- _Requirement_
Write out, word for word, every line in the data below from the one containing "cd_add (cd_mul y.2" to the one containing "when b lies", both of them included.

- _Entries supplied_
▼

Fixpoint cd_scale (m : nat) (c : F) : cdT m -> cdT m :=
  match m return cdT m -> cdT m with
  | 0 => fun x => (c * x.1, c * x.2)
  | k.+1 => fun x => (cd_scale c x.1, cd_scale c x.2)
  end.

Fixpoint cd_emb (m : nat) (c : F) : cdT m :=
  match m return cdT m with
  | 0 => (c, 0)
  | k.+1 => (cd_emb k c, cd_emb k 0)
  end.

Fixpoint cd_conj (m : nat) : cdT m -> cdT m :=
  match m return cdT m -> cdT m with
  | 0 => fun x => (x.1 + x.2, - x.2)
  | k.+1 => fun x => (cd_conj x.1, cd_scale (-1) x.2)
  end.

(* (a,b)(c,d) = (ac + gamma * dbar b, da + b cbar) ;
   on A_1: (al + be l)(al' + be' l) with l^2 = l + mu. *)
Fixpoint cd_mul (m : nat) : cdT m -> cdT m -> cdT m :=
  match m return cdT m -> cdT m -> cdT m with
  | 0 => fun x y => (x.1 * y.1 + mu * (x.2 * y.2),
                     x.1 * y.2 + x.2 * y.1 + x.2 * y.2)
  | k.+1 => fun x y =>
      (cd_add (cd_mul x.1 y.1) (cd_scale (gam k) (cd_mul (cd_conj y.2) x.2)),
       cd_add (cd_mul y.2 x.1) (cd_mul x.2 (cd_conj y.1)))
  end.

Definition cd_alternative (m : nat) (a : cdT m) : Prop :=
  forall b : cdT m,
    cd_mul a (cd_mul a b) = cd_mul (cd_mul a a) b /\
    cd_mul (cd_mul b a) a = cd_mul b (cd_mul a a).

Definition cd_inF (m : nat) (a : cdT m) : Prop := exists c : F, a = cd_emb m c.

Definition cd_span1 (m : nat) (a x : cdT m) : Prop :=
  exists al be : F, x = cd_add (cd_emb m al) (cd_scale be a).

End CD.

From HB Require Import structures.
From mathcomp Require Import all_boot all_algebra.
From mathcomp Require Import boolp ring.
Set Implicit Arguments. Unset Strict Implicit. Unset Printing Implicit Defensive.
Import GRing.Theory.
Local Open Scope ring_scope.

(* Write x = (a, b), y = (c, d) and expand both alternative laws for x
   componentwise with the doubling formula.  Alternativity of a and of abar
   disposes of the terms quadratic in a, and alternativity of b gives
   bbar (b z) = b (bbar z) = (z bbar) b = N(b) z, which disposes of the terms
   containing b twice.  The remaining mixed terms combine through the trace
   a + abar in F as soon as a and b associate in the middle, u (z v) = (u z) v
   for {u, v} = {a, b}.  This is trivial when a or b is a scalar; when b lies
   in F + F a it reduces to the flexible law (a z) a = a (z a), which every
   alternative a satisfies by the polarized norm identity
   u vbar + v ubar = ubar v + vbar u. *)

Section CDModule.
Variables (F : fieldType) (m : nat).
Implicit Types x y z : cdT F m.

Lemma cd_addA x y z : cd_add x (cd_add y z) = cd_add (cd_add x y) z.
Proof.
by elim: m x y z => [|k IH] [x1 x2] [y1 y2] [z1 z2] /=; rewrite ?IH ?addrA.
Qed.

Lemma cd_addC x y : cd_add x y = cd_add y x.
Proof.
elim: m x y => [|k IH] [x1 x2] [y1 y2] /=; last by rewrite IH (IH x2).
by rewrite addrC (addrC x2).
Qed.

Lemma cd_add0 x : cd_add (cd_emb m 0) x = x.
Proof. by elim: m x => [|k IH] [x1 x2] /=; rewrite ?IH ?add0r. Qed.

Lemma cd_addNr x : cd_add (cd_scale (-1) x) x = cd_emb m 0.
Proof. by elim: m x => [|k IH] [x1 x2] /=; rewrite ?IH // !mulN1r !addNr. Qed.

Lemma cd_scaleA a b x : cd_scale a (cd_scale b x) = cd_scale (a * b) x.
Proof. by elim: m x => [|k IH] [x1 x2] /=; rewrite ?IH ?mulrA. Qed.

Lemma cd_scale1 x : cd_scale 1 x = x.
Proof. by elim: m x => [|k IH] [x1 x2] /=; rewrite ?IH ?mul1r. Qed.

Lemma cd_scaleDr a x y :
  cd_scale a (cd_add x y) = cd_add (cd_scale a x) (cd_scale a y).
Proof. by elim: m x y => [|k IH] [x1 x2] [y1 y2] /=; rewrite ?IH ?mulrDr. Qed.

Lemma cd_scaleDl x a b :
  cd_scale (a + b) x = cd_add (cd_scale a x) (cd_scale b x).
Proof. by elim: m x => [|k IH] [x1 x2] /=; rewrite ?IH ?mulrDl. Qed.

▲

- _Response for this exercise_
       cd_add (cd_mul y.2 x.1) (cd_mul x.2 (cd_conj y.1)))
  end.

Definition cd_alternative (m : nat) (a : cdT m) : Prop :=
  forall b : cdT m,
    cd_mul a (cd_mul a b) = cd_mul (cd_mul a a) b /\
    cd_mul (cd_mul b a) a = cd_mul b (cd_mul a a).

Definition cd_inF (m : nat) (a : cdT m) : Prop := exists c : F, a = cd_emb m c.

Definition cd_span1 (m : nat) (a x : cdT m) : Prop :=
  exists al be : F, x = cd_add (cd_emb m al) (cd_scale be a).

End CD.

From HB Require Import structures.
From mathcomp Require Import all_boot all_algebra.
From mathcomp Require Import boolp ring.
Set Implicit Arguments. Unset Strict Implicit. Unset Printing Implicit Defensive.
Import GRing.Theory.
Local Open Scope ring_scope.

(* Write x = (a, b), y = (c, d) and expand both alternative laws for x
   componentwise with the doubling formula.  Alternativity of a and of abar
   disposes of the terms quadratic in a, and alternativity of b gives
   bbar (b z) = b (bbar z) = (z bbar) b = N(b) z, which disposes of the terms
   containing b twice.  The remaining mixed terms combine through the trace
   a + abar in F as soon as a and b associate in the middle, u (z v) = (u z) v
   for {u, v} = {a, b}.  This is trivial when a or b is a scalar; when b lies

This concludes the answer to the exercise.